-------- Listed records --------

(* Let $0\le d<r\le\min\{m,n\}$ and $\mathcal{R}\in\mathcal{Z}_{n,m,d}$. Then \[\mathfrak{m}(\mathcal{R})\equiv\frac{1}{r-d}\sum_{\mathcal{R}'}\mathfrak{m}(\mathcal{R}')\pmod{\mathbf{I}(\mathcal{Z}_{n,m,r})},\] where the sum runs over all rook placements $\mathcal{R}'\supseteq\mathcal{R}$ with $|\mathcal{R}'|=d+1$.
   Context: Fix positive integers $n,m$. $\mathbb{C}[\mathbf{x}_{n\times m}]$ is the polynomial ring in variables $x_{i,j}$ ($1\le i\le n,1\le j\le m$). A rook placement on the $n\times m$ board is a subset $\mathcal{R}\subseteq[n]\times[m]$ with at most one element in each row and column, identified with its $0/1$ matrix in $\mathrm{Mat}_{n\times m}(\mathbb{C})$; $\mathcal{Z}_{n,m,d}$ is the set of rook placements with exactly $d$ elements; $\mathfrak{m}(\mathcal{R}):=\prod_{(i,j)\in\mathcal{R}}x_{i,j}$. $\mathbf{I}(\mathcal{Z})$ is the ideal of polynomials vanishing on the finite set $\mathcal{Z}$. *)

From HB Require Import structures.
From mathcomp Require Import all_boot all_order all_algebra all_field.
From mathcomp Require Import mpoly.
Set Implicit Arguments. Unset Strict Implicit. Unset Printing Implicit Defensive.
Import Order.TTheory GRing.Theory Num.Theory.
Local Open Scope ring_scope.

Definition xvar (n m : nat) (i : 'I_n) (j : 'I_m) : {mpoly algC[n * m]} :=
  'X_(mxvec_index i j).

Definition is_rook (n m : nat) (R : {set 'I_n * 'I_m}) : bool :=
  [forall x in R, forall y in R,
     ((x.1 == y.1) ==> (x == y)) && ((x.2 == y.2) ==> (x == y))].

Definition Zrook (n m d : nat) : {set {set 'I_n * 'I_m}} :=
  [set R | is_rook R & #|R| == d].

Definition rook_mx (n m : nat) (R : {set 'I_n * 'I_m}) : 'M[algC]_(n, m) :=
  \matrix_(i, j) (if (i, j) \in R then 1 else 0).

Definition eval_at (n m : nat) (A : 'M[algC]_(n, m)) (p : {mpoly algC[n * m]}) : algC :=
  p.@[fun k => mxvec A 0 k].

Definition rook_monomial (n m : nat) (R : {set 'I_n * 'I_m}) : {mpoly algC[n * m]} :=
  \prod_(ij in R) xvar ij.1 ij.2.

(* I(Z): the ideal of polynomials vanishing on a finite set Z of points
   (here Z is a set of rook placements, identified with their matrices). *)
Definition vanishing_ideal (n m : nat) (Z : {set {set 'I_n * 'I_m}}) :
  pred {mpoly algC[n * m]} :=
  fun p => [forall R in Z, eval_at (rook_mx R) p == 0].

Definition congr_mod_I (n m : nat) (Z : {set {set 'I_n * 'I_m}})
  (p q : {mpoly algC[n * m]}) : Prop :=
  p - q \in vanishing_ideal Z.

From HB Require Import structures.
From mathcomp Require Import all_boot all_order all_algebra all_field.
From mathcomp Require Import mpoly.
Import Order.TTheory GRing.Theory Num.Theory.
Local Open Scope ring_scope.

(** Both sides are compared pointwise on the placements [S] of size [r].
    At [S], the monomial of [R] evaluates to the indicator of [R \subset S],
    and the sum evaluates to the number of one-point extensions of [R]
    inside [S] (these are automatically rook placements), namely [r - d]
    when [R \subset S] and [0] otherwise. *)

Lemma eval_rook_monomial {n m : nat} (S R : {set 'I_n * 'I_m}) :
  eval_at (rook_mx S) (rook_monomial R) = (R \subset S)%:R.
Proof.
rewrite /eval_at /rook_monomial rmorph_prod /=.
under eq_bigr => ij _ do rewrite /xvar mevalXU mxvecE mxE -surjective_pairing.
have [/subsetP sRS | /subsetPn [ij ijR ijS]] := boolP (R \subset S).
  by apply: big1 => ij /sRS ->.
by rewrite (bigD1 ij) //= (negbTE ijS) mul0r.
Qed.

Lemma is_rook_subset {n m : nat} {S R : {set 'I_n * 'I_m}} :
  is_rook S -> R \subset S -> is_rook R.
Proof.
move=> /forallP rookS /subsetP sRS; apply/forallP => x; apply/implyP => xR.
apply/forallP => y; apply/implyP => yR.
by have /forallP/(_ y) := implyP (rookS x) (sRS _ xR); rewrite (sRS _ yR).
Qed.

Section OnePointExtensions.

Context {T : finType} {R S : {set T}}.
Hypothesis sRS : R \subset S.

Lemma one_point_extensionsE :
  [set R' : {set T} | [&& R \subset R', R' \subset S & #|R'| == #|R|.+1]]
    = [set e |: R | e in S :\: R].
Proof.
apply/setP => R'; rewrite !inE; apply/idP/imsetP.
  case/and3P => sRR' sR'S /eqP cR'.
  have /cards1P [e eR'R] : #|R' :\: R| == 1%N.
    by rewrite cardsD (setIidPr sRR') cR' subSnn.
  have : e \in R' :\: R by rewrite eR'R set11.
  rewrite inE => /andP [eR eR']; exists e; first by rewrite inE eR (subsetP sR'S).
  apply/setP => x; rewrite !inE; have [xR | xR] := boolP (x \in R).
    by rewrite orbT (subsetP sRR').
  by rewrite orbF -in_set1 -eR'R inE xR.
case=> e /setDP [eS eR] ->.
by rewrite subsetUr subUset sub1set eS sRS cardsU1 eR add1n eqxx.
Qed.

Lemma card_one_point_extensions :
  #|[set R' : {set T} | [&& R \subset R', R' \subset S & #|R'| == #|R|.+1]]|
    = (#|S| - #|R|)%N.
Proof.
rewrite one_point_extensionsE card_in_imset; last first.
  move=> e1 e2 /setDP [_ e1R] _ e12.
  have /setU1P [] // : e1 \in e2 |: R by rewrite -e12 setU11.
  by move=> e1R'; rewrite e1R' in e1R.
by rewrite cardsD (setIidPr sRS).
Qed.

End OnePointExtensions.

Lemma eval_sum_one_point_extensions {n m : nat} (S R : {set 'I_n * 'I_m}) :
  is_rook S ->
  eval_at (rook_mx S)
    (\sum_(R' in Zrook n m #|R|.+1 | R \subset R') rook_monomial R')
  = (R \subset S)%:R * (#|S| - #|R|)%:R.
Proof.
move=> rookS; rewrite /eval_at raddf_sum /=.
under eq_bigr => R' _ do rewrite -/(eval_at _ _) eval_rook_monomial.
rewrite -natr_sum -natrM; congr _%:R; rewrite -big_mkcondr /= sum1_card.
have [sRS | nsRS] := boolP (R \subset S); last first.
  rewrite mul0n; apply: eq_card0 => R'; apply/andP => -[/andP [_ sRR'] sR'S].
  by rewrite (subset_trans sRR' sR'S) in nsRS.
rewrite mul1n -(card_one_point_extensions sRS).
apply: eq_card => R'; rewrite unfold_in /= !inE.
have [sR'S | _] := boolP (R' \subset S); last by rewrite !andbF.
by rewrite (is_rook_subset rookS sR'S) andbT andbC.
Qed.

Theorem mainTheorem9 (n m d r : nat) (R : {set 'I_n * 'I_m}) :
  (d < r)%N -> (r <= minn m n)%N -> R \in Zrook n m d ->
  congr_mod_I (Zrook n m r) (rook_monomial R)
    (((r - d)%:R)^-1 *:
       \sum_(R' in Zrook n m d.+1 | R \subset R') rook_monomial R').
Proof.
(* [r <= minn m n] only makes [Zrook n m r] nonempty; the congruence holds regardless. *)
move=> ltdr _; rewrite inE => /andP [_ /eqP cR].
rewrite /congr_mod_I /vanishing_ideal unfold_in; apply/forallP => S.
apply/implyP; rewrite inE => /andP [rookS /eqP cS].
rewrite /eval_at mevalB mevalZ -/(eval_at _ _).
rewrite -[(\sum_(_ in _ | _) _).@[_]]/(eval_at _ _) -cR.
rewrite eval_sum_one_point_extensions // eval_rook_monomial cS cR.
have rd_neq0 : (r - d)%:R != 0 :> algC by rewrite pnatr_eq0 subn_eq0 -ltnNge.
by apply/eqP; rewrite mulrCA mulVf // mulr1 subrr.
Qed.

--------

=== What you will do ===
Set down the lines from the one with "by apply/eqP; rewrite" through the end of the data above. Keep each exactly as written and add no other line.

=== Reply to the exercise ===
by apply/eqP; rewrite mulrCA mulVf // mulr1 subrr.
Qed.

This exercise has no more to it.